Hello Again!

Body: 

I have not posted awhile being this summer was so busy and fun spending time with the kids! I have been recovering wonderfully! 5.5 mo post partum now. I quit the qym and lifting wieghts and now started swimmimg a bit and biking- always in the ww posture! There is still moments when I have a wierd feeling down there, but I have to think back to what I have been doing... and most of the times its if I have lifted something heavy. So, now I hand the lifting over if I can.

Its amazing to me that I have now become so aware of my body and how I move and how I breathe! Thx to this great site. But I still, have not quite figured out this sex thing. Reading the forums, it seems that most everyone has great results, but I end up with quite significant pressure afterwards. I need to lie down for awhile afterwards. I will try new posistions again. Anyone else get this?

Also, I feel like I have finally quit looking down there on a daily basis and feel so happy and content. Not so scared for my future with prolapse. I just hope and pray my prolapse will remain the same and not get worse.

This is a great site and a wonderful spot to let feelings out!

Hi busymama,
What sort of prolapse(s) do you have?

I have cyst/rect with more minor uterine and I have to say sometimes sex is great for them, and other times not so much. I was thinking about this the other day and wondered whether sex would be better for repositioning the uterus rather than the others. In trying to picture what would be going on, I was thinking maybe the bladder might get caught on the wrong side of the head of the penis and end up getting dragged down rather than pushed up. Does that make sense? If this is the case, maybe trying to manually reposition the bladder before intercourse might work (sexy thought I know!). Anyway I might give it a go. I'm sure others will have some thoughts and ideas.

Good to hear about the great progress you have been making. When it comes to the big one......

Yes, I have to agree with Curiosity. The way I see it, the penis’ piston like action means there is a dragging down as well as a pushing up. So I guess the final withdrawal of the penis can mean a dragging down.

And the pushing up only happens if the penis is positioned directly in normal conjunction with the uterus. When the uterus is prolapsed, it can be in any position within the vulva and vagina. So the penis bumping into its side can be just as likely to happen as hitting the target through its smiley. Any guy in this situation who can hit the smiley target blind folded every time would be a genius.

If in the missionary position, you on your back, your partner on top, you raise your knees, the soles of your feet on the mattress, you should be able to draw your uterus up by a process similar to kegeling in preparation for the introduction of the penis.
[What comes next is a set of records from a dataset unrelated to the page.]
(* Let $N\ge 1$ and, for $j=1,\ldots,n$, let $\mathsf{E}_j:\mathcal B(\mathbb R^{M_j})\to\mathcal L(\mathcal H^{\otimes N})$ be a Gaussian observable. Then the collection $\{\mathsf{E}_1,\ldots,\mathsf{E}_n\}$ is Gaussian compatible if and only if there exists a Gaussian observable $\mathsf{G}:\mathcal B(\mathbb R^M)\to\mathcal L(\mathcal H^{\otimes N})$, where $M=\sum_{j=1}^n M_j$ and $\mathbb R^M=\mathbb R^{M_1}\times\cdots\times\mathbb R^{M_n}$, which has the $\mathsf{E}_j$ as its margins, i.e. $\mathsf{E}_j(X)=\mathsf{G}(\mathbb R^{M_1}\times\cdots\times\mathbb R^{M_{j-1}}\times X\times\mathbb R^{M_{j+1}}\times\cdots\times\mathbb R^{M_n})$ for all $j$ and all Borel $X\subseteq\mathbb R^{M_j}$.
   Context: $\mathcal H^{\otimes N}=L^2(\mathbb R^N)$ with canonical position and momentum operators $Q_j,P_j$, ${\bf R}=(Q_1,P_1,\ldots,Q_N,P_N)^T$, ${\bf \Omega}=\bigoplus_{j=1}^N\begin{pmatrix}0&1\\-1&0\end{pmatrix}$, and Weyl operators $W({\bf x})=e^{-i{\bf x}^T{\bf \Omega R}}$ for ${\bf x}\in\mathbb R^{2N}$. An observable is a POVM $\mathsf{E}:\mathcal B(\mathbb R^M)\to\mathcal L(\mathcal H^{\otimes N})$ ($\mathcal L$ = bounded operators). It is Gaussian if its Fourier transform is $\int e^{i{\bf p}^T{\bf x}}\,d\mathsf{E}({\bf x})=W({\bf Kp})e^{-\frac14{\bf p}^T{\bf Lp}-i{\bf m}^T{\bf p}}$ for all ${\bf p}\in\mathbb R^M$, where ${\bf K}$ is a real $2N\times M$ matrix, ${\bf L}$ a real $M\times M$ matrix with ${\bf L}-i{\bf K}^T{\bf \Omega K}\ge 0$, and ${\bf m}\in\mathbb R^M$; every such triple $({\bf K},{\bf L},{\bf m})$ determines a unique Gaussian observable. A Markov kernel $f:\mathcal B(\mathbb R^{M'})\times\mathbb R^M\to[0,1]$ is a map with $f(\cdot,{\bf x})$ a probability measure for each ${\bf x}$ and $f(X,\cdot)$ measurable for each $X$. It is a Gaussian postprocessing if there exist a real $M\times M'$ matrix ${\bf A}$, a real positive semidefinite $M'\times M'$ matrix ${\bf B}$ and ${\bf c}\in\mathbb R^{M'}$ such that $\int e^{i{\bf p}^T{\bf y}}f(d{\bf y},{\bf x})=e^{i({\bf Ap})^T{\bf x}}e^{-\frac14{\bf p}^T{\bf Bp}-i{\bf c}^T{\bf p}}$ for all ${\bf p}\in\mathbb R^{M'}$, ${\bf x}\in\mathbb R^M$; applying it to a Gaussian observable $\mathsf{G}$ with parameters $({\bf K},{\bf L},{\bf m})$ gives the observable $\mathsf{E}(X)=\int f(X,{\bf x})\,d\mathsf{G}({\bf x})$, which is Gaussian with parameters $({\bf KA},{\bf B}+{\bf A}^T{\bf LA},{\bf c}+{\bf A}^T{\bf m})$. A collection $\mathcal M$ of Gaussian observables (on the same Hilbert space) is Gaussian compatible if there is a Gaussian observable $\mathsf{G}$ such that every $\mathsf{E}\in\mathcal M$ is obtained from $\mathsf{G}$ via some Gaussian postprocessing. *)

From HB Require Import structures.
From mathcomp Require Import all_boot all_order all_algebra.
From mathcomp Require Import reals.
From mathcomp Require Import complex.
Set Implicit Arguments. Unset Strict Implicit. Unset Printing Implicit Defensive.
Import Order.TTheory GRing.Theory Num.Theory.
Local Open Scope ring_scope.

(** Symplectic form Omega = (+)_{j=1}^N [[0,1],[-1,0]] on R^{2N}
    (indices 0..2N-1; rows/cols 2a, 2a+1 form the a-th block). *)
Definition Omega (R : ringType) (N : nat) : 'M[R]_(N.*2) :=
  \matrix_(i, k) (if ~~ odd i && (k == i.+1 :> nat) then 1
                  else if odd i && (i == k.+1 :> nat) then -1 else 0).

Definition cmx (R : rcfType) (m n : nat) (A : 'M[R]_(m, n)) : 'M[R[i]]_(m, n) :=
  map_mx (fun x : R => x%:C%C) A.

Definition psdC (R : rcfType) (n : nat) (H : 'M[R[i]]_n) : Prop :=
  forall z : 'cV[R[i]]_n,
    0 <= \sum_(a < n) \sum_(b < n) ((z a 0)^* * H a b * z b 0).

Definition psdR (R : rcfType) (n : nat) (B : 'M[R]_n) : Prop :=
  B^T = B /\ forall u : 'cV[R]_n, 0 <= (u^T *m B *m u) 0 0.

(** Gaussian observable on H^{(x)N} with outcome space R^M, represented by its
    (unique) parameter triple (K, L, m) subject to L - i K^T Omega K >= 0.
    By the standing assumptions, Gaussian observables are in bijection with
    such triples (the Fourier transform W(Kp) e^{-p^T L p/4 - i m^T p}
    determines the POVM and vice versa). *)
Record gobs (R : rcfType) (N M : nat) := GObs {
  gK : 'M[R]_(N.*2, M);
  gL : 'M[R]_M;
  gm : 'cV[R]_M;
  gvalid : psdC (cmx gL - 'i%C *: cmx (gK^T *m Omega R N *m gK))
}.

Definition gpost_of (R : rcfType) (N M M' : nat)
  (G : gobs R N M) (E : gobs R N M') : Prop :=
  exists (A : 'M[R]_(M, M')) (B : 'M[R]_M') (c : 'cV[R]_M'),
    psdR B /\
    gK E = gK G *m A /\
    gL E = B + A^T *m gL G *m A /\
    gm E = c + A^T *m gm G.

Definition gauss_compatible (R : rcfType) (N n : nat) (Ms : 'I_n -> nat)
  (E : forall j : 'I_n, gobs R N (Ms j)) : Prop :=
  exists (M : nat) (G : gobs R N M), forall j : 'I_n, gpost_of G (E j).

Definition offset (n : nat) (Ms : 'I_n -> nat) (j : 'I_n) : nat :=
  (\sum_(l < n | (l < j)%N) Ms l)%N.

(** Coordinate projection matrix pi_j : R^M -> R^{M_j}, written (as in the
    postprocessing convention x |-> A^T x) as the M x M_j matrix A = P_j. *)
Definition blockP (R : ringType) (n : nat) (Ms : 'I_n -> nat) (j : 'I_n)
  : 'M[R]_(\sum_(l < n) Ms l, Ms j) :=
  \matrix_(a, k) (if (a == offset Ms j + k :> nat)%N then 1 else 0).

(** E is the j-th margin of G: E(X) = G(R^{M_1} x .. x X x .. x R^{M_n}),
    i.e. E is the image of G under the (deterministic, Gaussian) coordinate
    projection x |-> pi_j x; in parameters: (K P_j, P_j^T L P_j, P_j^T m). *)
Definition is_margin (R : rcfType) (N n : nat) (Ms : 'I_n -> nat)
  (G : gobs R N (\sum_(l < n) Ms l)) (j : 'I_n) (E : gobs R N (Ms j)) : Prop :=
  gK E = gK G *m blockP R Ms j /\
  gL E = (blockP R Ms j)^T *m gL G *m blockP R Ms j /\
  gm E = (blockP R Ms j)^T *m gm G.

(* A margin is the postprocessing of the joint observable by a coordinate
   projection P_j (with B = 0, c = 0).  Conversely, if G postprocesses to each
   E_j with parameters (A_j, B_j, c_j), postprocess G once with
   A = sum_j A_j P_j^T, B = sum_j P_j B_j P_j^T and c = sum_j P_j c_j: since
   P_l^T P_j is the identity for l = j and zero otherwise, the j-th margin of
   the result is E_j.  The only analytic point is that postprocessing
   preserves validity, because L' - i K'^T Omega K' = B + A^T (L - i K^T Omega K) A
   is a sum of positive semidefinite matrices. *)
From mathcomp Require Import all_boot all_order all_algebra reals complex ring zify.
From mathcomp Require Import boolp.
Set Implicit Arguments. Unset Strict Implicit. Unset Printing Implicit Defensive.
Import Order.TTheory GRing.Theory Num.Theory.
Local Open Scope ring_scope.

Section PositiveSemidefinite.
Variable R : rcfType.

Definition qform n (H : 'M[R[i]]_n) (z : 'cV[R[i]]_n) : R[i] :=
  ((map_mx Num.conj z)^T *m H *m z) 0 0.

Lemma psdC_qform n (H : 'M[R[i]]_n) : psdC H <-> forall z, 0 <= qform H z.
Proof.
suff qformE z : qform H z = \sum_(a < n) \sum_(b < n) ((z a 0)^* * H a b * z b 0).
  by split=> Hpsd z; [rewrite qformE | rewrite -qformE].
rewrite /qform mxE exchange_big; apply: eq_bigr => b _.
by rewrite mxE big_distrl; apply: eq_bigr => a _; rewrite !mxE.
Qed.

Lemma conj_cmx m n (A : 'M[R]_(m, n)) : map_mx Num.conj (cmx A) = cmx A.
Proof. by apply/matrixP=> a b; rewrite !mxE; apply: conjc_real. Qed.

Lemma cmxM m n p (A : 'M[R]_(m, n)) (B : 'M[R]_(n, p)) :
  cmx (A *m B) = cmx A *m cmx B.
Proof. exact: map_mxM. Qed.

Lemma cmxT m n (A : 'M[R]_(m, n)) : cmx A^T = (cmx A)^T.
Proof. by apply/matrixP=> a b; rewrite !mxE. Qed.

Lemma cmxD m n (A B : 'M[R]_(m, n)) : cmx (A + B) = cmx A + cmx B.
Proof. exact: map_mxD. Qed.

Lemma psdC_congr m n (A : 'M[R]_(m, n)) (H : 'M[R[i]]_m) :
  psdC H -> psdC ((cmx A)^T *m H *m cmx A).
Proof.
move=> /psdC_qform Hpsd; apply/psdC_qform => z.
by have := Hpsd (cmx A *m z); rewrite /qform map_mxM conj_cmx trmx_mul !mulmxA.
Qed.

Lemma psdCD n (H1 H2 : 'M[R[i]]_n) : psdC H1 -> psdC H2 -> psdC (H1 + H2).
Proof.
move=> /psdC_qform H1psd /psdC_qform H2psd; apply/psdC_qform => z.
rewrite /qform mulmxDr mulmxDl mxE; apply: addr_ge0; [exact: H1psd | exact: H2psd].
Qed.

(* For real symmetric B and z = x + i y, the cross terms x^T B y and y^T B x
   cancel, leaving z^* B z = x^T B x + y^T B y. *)
Lemma psdR_psdC n (B : 'M[R]_n) : psdR B -> psdC (cmx B).
Proof.
case=> Bsym Bpos; apply/psdC_qform => z.
set x := map_mx (@complex.Re R) z; set y := map_mx (@complex.Im R) z.
have zE : z = cmx x + 'i%C *: cmx y.
  by apply/matrixP=> a b; rewrite !mxE [LHS]complexE mulrC.
have conj_zE : map_mx Num.conj z = cmx x - 'i%C *: cmx y.
  by apply/matrixP=> a b; rewrite !mxE; case: (z a b) => p q /=; simpc.
have cross_sym : (x^T *m B *m y) 0 0 = (y^T *m B *m x) 0 0.
  have scalar_tr (S : 'M[R]_1) : S 0 0 = S^T 0 0 by rewrite mxE.
  by rewrite [LHS]scalar_tr !trmx_mul Bsym trmxK mulmxA.
rewrite /qform conj_zE {1}zE; clearbody x y.
rewrite (_ : (cmx x - 'i%C *: cmx y)^T = (cmx x)^T - 'i%C *: (cmx y)^T); last first.
  by apply/matrixP=> a b; rewrite !mxE.
rewrite mulmxBl mulmxDr !mulmxBl.
rewrite -!scalemxAl -!scalemxAr -!cmxT -!cmxM.
move: cross_sym (Bpos x) (Bpos y); rewrite !mxE => ->.
set sx := \sum_j _ * x j 0; set sy := \sum_j _ * y j 0.
move=> sx_ge0 sy_ge0.
have ii : 'i%C * 'i%C = -1 :> R[i] by rewrite -expr2 sqr_i.
rewrite mulrA ii (_ : _ + _ = (sx + sy)%:C%C); last by rewrite rmorphD /=; ring.
by rewrite ler0c addr_ge0.
Qed.

Lemma psdR0 n : psdR (0 : 'M[R]_n).
Proof. by split=> [|u]; rewrite ?trmx0 // mulmx0 mul0mx mxE. Qed.

Lemma psdRD n (B1 B2 : 'M[R]_n) : psdR B1 -> psdR B2 -> psdR (B1 + B2).
Proof.
case=> B1sym B1pos [B2sym B2pos]; split; first by rewrite linearD /= B1sym B2sym.
by move=> u; rewrite mulmxDr mulmxDl mxE; apply: addr_ge0.
Qed.

Lemma psdR_sum n I (r : seq I) (F : I -> 'M[R]_n) :
  (forall j, psdR (F j)) -> psdR (\sum_(j <- r) F j).
Proof. by move=> Fpsd; elim/big_rec: _ => [|j B _]; [exact: psdR0 | exact: psdRD]. Qed.

Lemma psdR_congr m n (A : 'M[R]_(m, n)) (B : 'M[R]_n) :
  psdR B -> psdR (A *m B *m A^T).
Proof.
case=> Bsym Bpos; split; first by rewrite !trmx_mul trmxK Bsym mulmxA.
by move=> u; have := Bpos (A^T *m u); rewrite trmx_mul trmxK !mulmxA.
Qed.

End PositiveSemidefinite.

Section Postprocessing.
Variables (R : rcfType) (N M M' : nat) (G : gobs R N M).

Record gpost (E : gobs R N M') := GPost {
  gpA : 'M[R]_(M, M');
  gpB : 'M[R]_M';
  gpc : 'cV[R]_M';
  gpB_psd : psdR gpB;
  gpK : gK E = gK G *m gpA;
  gpL : gL E = gpB + gpA^T *m gL G *m gpA;
  gpm : gm E = gpc + gpA^T *m gm G
}.

Lemma gpost_of_gpost (E : gobs R N M') : gpost_of G E -> gpost E.
Proof.
move=> /cid [A /cid [B /cid [c [Bpsd [EK [EL Em]]]]]]; exact: GPost Bpsd EK EL Em.
Qed.

Lemma gpost_of_linear (E : gobs R N M') (A : 'M[R]_(M, M')) :
    gK E = gK G *m A -> gL E = A^T *m gL G *m A -> gm E = A^T *m gm G ->
  gpost_of G E.
Proof.
move=> EK EL Em; exists A, 0, 0; split; first exact: psdR0.
by rewrite EK EL Em !add0r.
Qed.

Variables (A : 'M[R]_(M, M')) (B : 'M[R]_M') (c : 'cV[R]_M').
Hypothesis Bpsd : psdR B.

Lemma postprocess_valid :
  let K' := gK G *m A in
  psdC (cmx (B + A^T *m gL G *m A) - 'i%C *: cmx (K'^T *m Omega R N *m K')).
Proof.
rewrite /= cmxD -addrA; apply: psdCD; first exact: psdR_psdC.
have -> : cmx (A^T *m gL G *m A) - 'i%C *: cmx ((gK G *m A)^T *m Omega R N *m (gK G *m A))
    = (cmx A)^T *m (cmx (gL G) - 'i%C *: cmx ((gK G)^T *m Omega R N *m gK G)) *m cmx A.
  by rewrite mulmxBr mulmxBl -scalemxAr -scalemxAl trmx_mul !cmxM !cmxT !mulmxA.
exact: psdC_congr (gvalid G).
Qed.

Definition postprocess : gobs R N M' :=
  @GObs R N M' (gK G *m A) (B + A^T *m gL G *m A) (c + A^T *m gm G) postprocess_valid.

End Postprocessing.

Section BlockProjections.
Variables (R : nzRingType) (n : nat) (Ms : 'I_n -> nat).
Local Notation P := (blockP R Ms).

Lemma offsetD_leq (j : 'I_n) (p : pred 'I_n) :
  (forall l : 'I_n, (l <= j)%N -> p l) ->
  (offset Ms j + Ms j <= \sum_(l < n | p l) Ms l)%N.
Proof.
move=> lep; rewrite [X in (_ <= X)%N](bigID (fun l : 'I_n => (l < j)%N)) /=.
apply: leq_add.
  rewrite /offset big_mkcond [X in (_ <= X)%N]big_mkcond /= leq_sum // => l _.
  by case: ltnP => // /ltnW /lep ->.
by rewrite (bigD1 j) /= ?ltnn ?andbT ?lep ?leq_addr.
Qed.

Lemma offset_block_end (j : 'I_n) : (offset Ms j + Ms j <= \sum_(l < n) Ms l)%N.
Proof. exact: offsetD_leq. Qed.

Lemma offset_block_lt (l j : 'I_n) :
  (l < j)%N -> (offset Ms l + Ms l <= offset Ms j)%N.
Proof. by move=> lj; apply: offsetD_leq => i il; apply: leq_ltn_trans lj. Qed.

Lemma blockP_tr_mul_entry (l j : 'I_n) k k' :
  ((P l)^T *m P j) k k' = (offset Ms l + k == offset Ms j + k')%:R.
Proof.
have lt_end : (offset Ms l + k < \sum_(l < n) Ms l)%N.
  by apply: leq_trans (offset_block_end l); rewrite ltn_add2l.
rewrite mxE (bigD1 (Ordinal lt_end)) //= !mxE /= (eqxx (offset Ms l + k)%N) mul1r.
rewrite big1 ?addr0; first by case: eqP.
move=> a /negP a_neq; rewrite !mxE; case: eqP => [a_eq|]; last by rewrite mul0r.
by case: a_neq; apply/eqP/val_inj.
Qed.

Lemma blockP_tr_mulxx (j : 'I_n) : (P j)^T *m P j = 1%:M.
Proof. by apply/matrixP=> k k'; rewrite blockP_tr_mul_entry eqn_add2l !mxE. Qed.

Lemma blockP_tr_mul_neq (l j : 'I_n) : l != j -> (P l)^T *m P j = 0.
Proof.
move=> lj; apply/matrixP=> k k'; rewrite blockP_tr_mul_entry mxE.
case: eqP => // offset_eq; exfalso.
have := ltn_ord k; have := ltn_ord k'.
case: (ltngtP l j) => [lt|gt|/val_inj eq]; last by rewrite eq eqxx in lj.
- by have := offset_block_lt lt; lia.
- by have := offset_block_lt gt; lia.
Qed.

Lemma sum_mul_blockP p (F : forall j, 'M[R]_(p, Ms j)) (j : 'I_n) :
  (\sum_l (F l *m (P l)^T)) *m P j = F j.
Proof.
rewrite mulmx_suml (bigD1 j) //= -mulmxA blockP_tr_mulxx mulmx1 big1 ?addr0 //.
by move=> l lj; rewrite -mulmxA blockP_tr_mul_neq // mulmx0.
Qed.

Lemma blockP_tr_mul_sum p (F : forall j, 'M[R]_(Ms j, p)) (j : 'I_n) :
  (P j)^T *m \sum_l (P l *m F l) = F j.
Proof.
rewrite mulmx_sumr (bigD1 j) //= mulmxA blockP_tr_mulxx mul1mx big1 ?addr0 //.
by move=> l lj; rewrite mulmxA blockP_tr_mul_neq 1?eq_sym // mul0mx.
Qed.

End BlockProjections.

Section JointObservable.
Variables (R : rcfType) (N n M : nat) (Ms : 'I_n -> nat) (G : gobs R N M).
Variables (E : forall j, gobs R N (Ms j)) (post : forall j, gpost G (E j)).
Local Notation P := (blockP R Ms).

Definition joint_A := \sum_j gpA (post j) *m (P j)^T.
Definition joint_B := \sum_j P j *m gpB (post j) *m (P j)^T.
Definition joint_c := \sum_j P j *m gpc (post j).

Lemma joint_B_psd : psdR joint_B.
Proof. by apply: psdR_sum => j; apply/psdR_congr/gpB_psd. Qed.

Definition joint_gobs := postprocess G joint_A joint_c joint_B_psd.

Lemma joint_A_block j : joint_A *m P j = gpA (post j).
Proof. exact: sum_mul_blockP. Qed.

Lemma joint_B_block j : (P j)^T *m joint_B *m P j = gpB (post j).
Proof.
rewrite /joint_B (eq_bigr (fun l => P l *m (gpB (post l) *m (P l)^T))) => [|l _].
  by rewrite blockP_tr_mul_sum -mulmxA blockP_tr_mulxx mulmx1.
by rewrite mulmxA.
Qed.

Lemma is_margin_joint j : is_margin joint_gobs (E j).
Proof.
rewrite /is_margin /= (gpK (post j)) (gpL (post j)) (gpm (post j)).
split; first by rewrite -mulmxA joint_A_block.
split; last by rewrite mulmxDr blockP_tr_mul_sum mulmxA -trmx_mul joint_A_block.
by rewrite mulmxDr mulmxDl joint_B_block -joint_A_block trmx_mul !mulmxA.
Qed.

End JointObservable.

Theorem proposition1 (R : realType) (N n : nat) (hN : (0 < N)%N)
  (Ms : 'I_n -> nat) (E : forall j : 'I_n, gobs R N (Ms j)) :
  gauss_compatible E <->
  exists G : gobs R N (\sum_(l < n) Ms l),
    forall j : 'I_n, is_margin G (E j).
Proof.
split=> [[M [G postG]] | [G margG]].
  exists (joint_gobs (fun j => gpost_of_gpost (postG j))) => j.
  exact: is_margin_joint.
exists _, G => j; have [EK [EL Em]] := margG j.
exact: gpost_of_linear EK EL Em.
Qed.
But hey you are only 33 years old and a few months postpartum. It will get better. Once you have your newest littlie independently crawling or walking on two feet, you will have some more time to yourself to rest and avoid lifting heavy, working hard. I know most people like doing these things as an extension of an otherwise good, strong body. But just for a little while longer curb you impatience. Trust in the process that WW posture provides. At your strong, healthy age it is an eminently winnable proposition.

Best wishes Fab

So glad you are feeling wonderful!!! I bet your baby is just delightful right now. I love when they start sitting up and trying to crawl and getting those bottom baby teeth.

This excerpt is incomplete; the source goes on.